The conduct of police is once again in sharp focus after Mthokozisi Ntumba was killed in Braamfontein earlier this month when police fired rubber bullets at a group of protesting students.


JOHANNESBURG - Amid growing calls for government to review the use of rubber bullets, the South African Human Rights Commission (SAHRC) is on Monday calling on the police service to come up with alternative crowd control measures.

The conduct of police is once again in sharp focus after Mthokozisi Ntumba was killed in Braamfontein earlier this month when police fired rubber bullets at a group of protesting students.

In August last year, 9-year-old Leo Williams died two weeks after he was shot in the head with a rubber bullet during a service delivery protest on the West Coast.

WATCH: Police brutality in South Africa: Are rubber bullets necessary?

The SAHRC’s Chris Nissen said there were other ways to pacify the public, even in volatile situations.

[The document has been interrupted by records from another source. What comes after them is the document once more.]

(* Admissible N for one step of the F-central series, with F = F(G) and
   V = nu_i(G): N normal in F, N <= V, V/N centralized by F, and V/N a
   direct product of elementary abelian groups. *)
Definition Fcentral_step_ok (gT : finGroupType) (F V N : {set gT}) : bool :=
  [&& N <| F, N \subset V, (F / N) \subset 'C(V / N)
    & elem_abelian_prod (V / N)].

(* nu_{i+1} = smallest such N = intersection of all admissible N. *)
Fixpoint Fcentral_rec (gT : finGroupType) (F : {set gT}) (i : nat) : {set gT} :=
  match i with
  | 0 => F
  | i'.+1 => let V := Fcentral_rec F i' in
             \bigcap_(N : {group gT} | Fcentral_step_ok F V N) N
  end.

Definition nu (gT : finGroupType) (i : nat) (G : {set gT}) : {set gT} :=
  Fcentral_rec 'F(G) i.

From HB Require Import structures.
From mathcomp Require Import all_boot all_fingroup all_solvable.
Set Implicit Arguments. Unset Strict Implicit. Unset Printing Implicit Defensive.
Local Open Scope group_scope.

(* Write F = F(G).  The key observation is that for a nilpotent F and a normal
   subgroup V of F, a normal subgroup N of F contained in V is admissible for
   one step of the series exactly when [F, V] <= N and Phi(V) <= N: the first
   condition says that F centralizes V/N, the second that the nilpotent group
   V/N has trivial Frattini subgroup, i.e. is a direct product of elementary
   abelian groups.  Hence nu_{i+1}(G) = [F, nu_i(G)] Phi(nu_i(G)), and the
   series coincides with the explicit recursion Fcentral_series. *)

Section FrattiniSubgroup.
Variable gT : finGroupType.
Implicit Types G H K M P : {group gT}.

Lemma maximal_joinE M G H :
  maximal M G -> H \subset G -> ~~ (H \subset M) -> M <*> H = G.
Proof.
case/maxgroupP=> /proper_sub sMG maxM sHG not_sHM.
apply/eqP; rewrite eqEproper join_subG sMG sHG /=.
by apply: contra not_sHM => /maxM <-; rewrite ?joing_subl ?joing_subr.
Qed.

(* The Frattini subgroup of a normal subgroup lies in the Frattini subgroup:
   otherwise some maximal M gives G = M Phi(H), hence H = (H :&: M) Phi(H) and
   H <= M by the non-generator property of Phi(H). *)
Lemma Phi_normal_sub H G : H <| G -> 'Phi(H) \subset 'Phi(G).
Proof.
case/andP=> sHG nHG; have nPhiG : G \subset 'N('Phi(H)) := gFnorm_trans _ nHG.
apply/bigcapsP=> M /predU1P[-> | maxM]; first exact: gFsub_trans.
apply: contraT => not_sPhiM.
have defG := maximal_joinE maxM (gFsub_trans _ sHG) not_sPhiM.
have nPhiM : M \subset 'N('Phi(H)) := subset_trans (proper_sub (maxgroupp maxM)) nPhiG.
have defH : 'Phi(H) <*> (H :&: M) = H.
  rewrite joingC norm_joinEl ?(subset_trans (subsetIr _ _)) //.
  rewrite group_modr ?Phi_sub // -norm_joinEl //.
  by rewrite defG; apply/setIidPl.
have sHM : H \subset M by rewrite -(Phi_nongen defH) gen_subG subsetIr.
by case/negP: not_sPhiM; apply: subset_trans (Phi_sub H) sHM.
Qed.

(* Frattini argument modulo Phi(G): if K <| G is covered by M P with
   M <= Phi(G) and P a Sylow subgroup of K, then G = Phi(G) N_G(P), so P <| G. *)
Lemma Sylow_normal_Frattini p G K M P :
  K <| G -> p.-Sylow(K) P -> M \subset 'Phi(G) -> K \subset M * P -> P <| G.
Proof.
move=> nsKG sylP sMPhi sKMP; have sPG := subset_trans (pHall_sub sylP) (normal_sub nsKG).
have sPN : P \subset 'N_G(P) by rewrite subsetI sPG normG.
have defG : 'Phi(G) <*> 'N_G(P) = G.
  apply/eqP; rewrite eqEsubset join_subG Phi_sub subsetIl /=.
  rewrite -{1}(Frattini_arg nsKG sylP) (subset_trans (mulSg _ sKMP)) //.
  rewrite -mulgA (mulSGid sPN) (subset_trans (mulSg _ sMPhi)) //.
  by rewrite mul_subG ?joing_subl ?joing_subr.
by rewrite /normal sPG -{1}(Phi_nongen defG) gen_subG subsetIr.
Qed.

(* Gaschuetz: factoring out a normal subgroup of Phi(G) commutes with taking
   the Fitting subgroup; each Sylow subgroup of the preimage of F(G/M) is
   normal in G by the previous lemma, hence lies in F(G). *)
Lemma Fitting_quotient_Phi G M :
  M <| G -> M \subset 'Phi(G) -> 'F(G / M) = 'F(G) / M.
Proof.
move=> nsMG sMPhi; have nMG := normal_norm nsMG.
apply/eqP; rewrite eqEsubset andbC Fitting_max ?quotient_normal ?quotient_nil
  ?Fitting_normal ?Fitting_nil //=.
pose L := (coset M @*^-1 'F(G / M))%G.
have nsLG : L <| G by rewrite -(quotientGK nsMG) cosetpre_normal Fitting_normal.
have defLM : L / M = 'F(G / M) by rewrite cosetpreK.
rewrite -defLM quotientS // -(Sylow_gen L) gen_subG.
apply/bigcupsP=> P /SylowP[p _ sylP]; apply: Fitting_max; last first.
  exact: pgroup_nil (pHall_pgroup sylP).
have sPL := pHall_sub sylP.
have nMP : P \subset 'N(M) := subset_trans sPL (subset_trans (normal_sub nsLG) nMG).
have defPM : P / M = 'O_p(L / M).
  apply: nilpotent_Hall_pcore (quotient_pHall nMP sylP).
  by rewrite /= defLM Fitting_nil.
pose K := (coset M @*^-1 (P / M))%G.
have nsKG : K <| G.
  rewrite -(quotientGK nsMG) cosetpre_normal /= defPM.
  by apply: char_normal_trans (pcore_char _ _) _; rewrite /= defLM Fitting_normal.
have sylK : p.-Sylow(K) P.
  apply: pHall_subl sylP; first by rewrite -sub_quotient_pre.
  by apply: morphpreS; rewrite /= -defLM quotientS.
by apply: Sylow_normal_Frattini nsKG sylK sMPhi _; rewrite /= quotientK.
Qed.

End FrattiniSubgroup.

Section NilpotentFrattini.
Variable gT : finGroupType.
Implicit Types A G H K M P V X : {group gT}.

Lemma nilpotent_sub_pcores X H :
  nilpotent X -> (forall p : nat, 'O_p(X) \subset H) -> X \subset H.
Proof.
move=> nilX sXpH; rewrite -(nilpotent_Fitting nilX) FittingEgen gen_subG.
by apply/bigcupsP=> p _; apply: sXpH.
Qed.

(* In V = P \x K with P a p-group, a maximal subgroup M of P yields the
   maximal subgroup M K of V (it has index p). *)
Lemma maximal_dprod_joinr (p : nat) P K V M :
  P \x K = V -> p.-group P -> maximal M P -> maximal (M <*> K) V.
Proof.
case/dprodP=> _ defV cPK tiPK pP maxM.
have sMP : M \subset P := proper_sub (maxgroupp maxM).
have nKM : M \subset 'N(K) by rewrite (subset_trans sMP) // cents_norm // centsC.
have tiMK : M :&: K = 1 by apply/trivgP; rewrite -tiPK setSI.
have ntP : P :!=: 1.
  by apply: contraTneq (maxgroupp maxM) => ->; rewrite properE sub1G andbF.
have [pr_p _ _] := pgroup_pdiv pP ntP.
have sMKV : M <*> K \subset V.
  by rewrite join_subG -defV (subset_trans sMP (mulG_subl _ _)) mulG_subr.
have cardMK : #|M <*> K| = (#|M| * #|K|)%N by rewrite norm_joinEl // TI_cardMg.
have indexMK : #|V : M <*> K| = p.
  rewrite -divgS // cardMK -defV TI_cardMg // divnMr ?cardG_gt0 //.
  by rewrite divgS // (p_maximal_index pP maxM).
by apply: p_index_maximal sMKV _; rewrite indexMK.
Qed.

(* In a nilpotent V, the p-part of Phi(V) lies in Phi(O_p(V)): every maximal M
   of O_p(V) gives the maximal subgroup M O_p'(V) of V, which meets O_p(V) in M. *)
Lemma pcore_Phi_sub (p : nat) V :
  nilpotent V -> 'O_p('Phi(V)) \subset 'Phi('O_p(V)).
Proof.
move=> nilV; have defV := nilpotent_pcoreC p nilV.
have sPhiVp : 'O_p('Phi(V)) \subset 'O_p(V).
  by rewrite pcore_max ?pcore_pgroup // gFnormal_trans ?Phi_normal.
apply/bigcapsP=> M /predU1P[-> // | maxM].
have sMP : M \subset 'O_p(V) := proper_sub (maxgroupp maxM).
have nKM : M \subset 'N('O_p^'(V)).
  exact: subset_trans sMP (subset_trans (pcore_sub _ _) (gFnorm _ _)).
have sPhiMK := Phi_sub_max (maximal_dprod_joinr defV (pcore_pgroup p V) maxM).
have [_ _ _ tiPK] := dprodP defV.
have : 'O_p('Phi(V)) \subset 'O_p(V) :&: (M * 'O_p^'(V)).
  by rewrite subsetI sPhiVp -norm_joinEl // (subset_trans (pcore_sub _ _) sPhiMK).
by rewrite setIC -group_modl // setIC tiPK mulg1.
Qed.

Lemma Phi_nil_sub_pcores V H :
  nilpotent V -> (forall p : nat, 'Phi('O_p(V)) \subset H) -> 'Phi(V) \subset H.
Proof.
move=> nilV sPhiH; apply: nilpotent_sub_pcores (nilpotentS (Phi_sub V) nilV) _ => p.
exact: subset_trans (pcore_Phi_sub p nilV) (sPhiH p).
Qed.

“Last year, we did not train a single police officer, we were supposed to have trained 7,000 of them. So we will have to see how we find a way going forward but all and all with a few bad police, we have thousands and thousands of good SA police service officers"

This is how the year 2021 kicked off for the police service under the leadership of Minister Bheki Cele.

And three months down the line, the conduct of some of his officers is under the microscope and in some cases, it’s on the court roll.

“It has no grain of defence or explanation on it.... Somebody for me just went crazy.”

Cele was unable to explain the conduct of some of his officers in Braamfontein this month when they opened fire on protesting students.

Tragically, Ntumba - a young father - was killed while leaving a local clinic.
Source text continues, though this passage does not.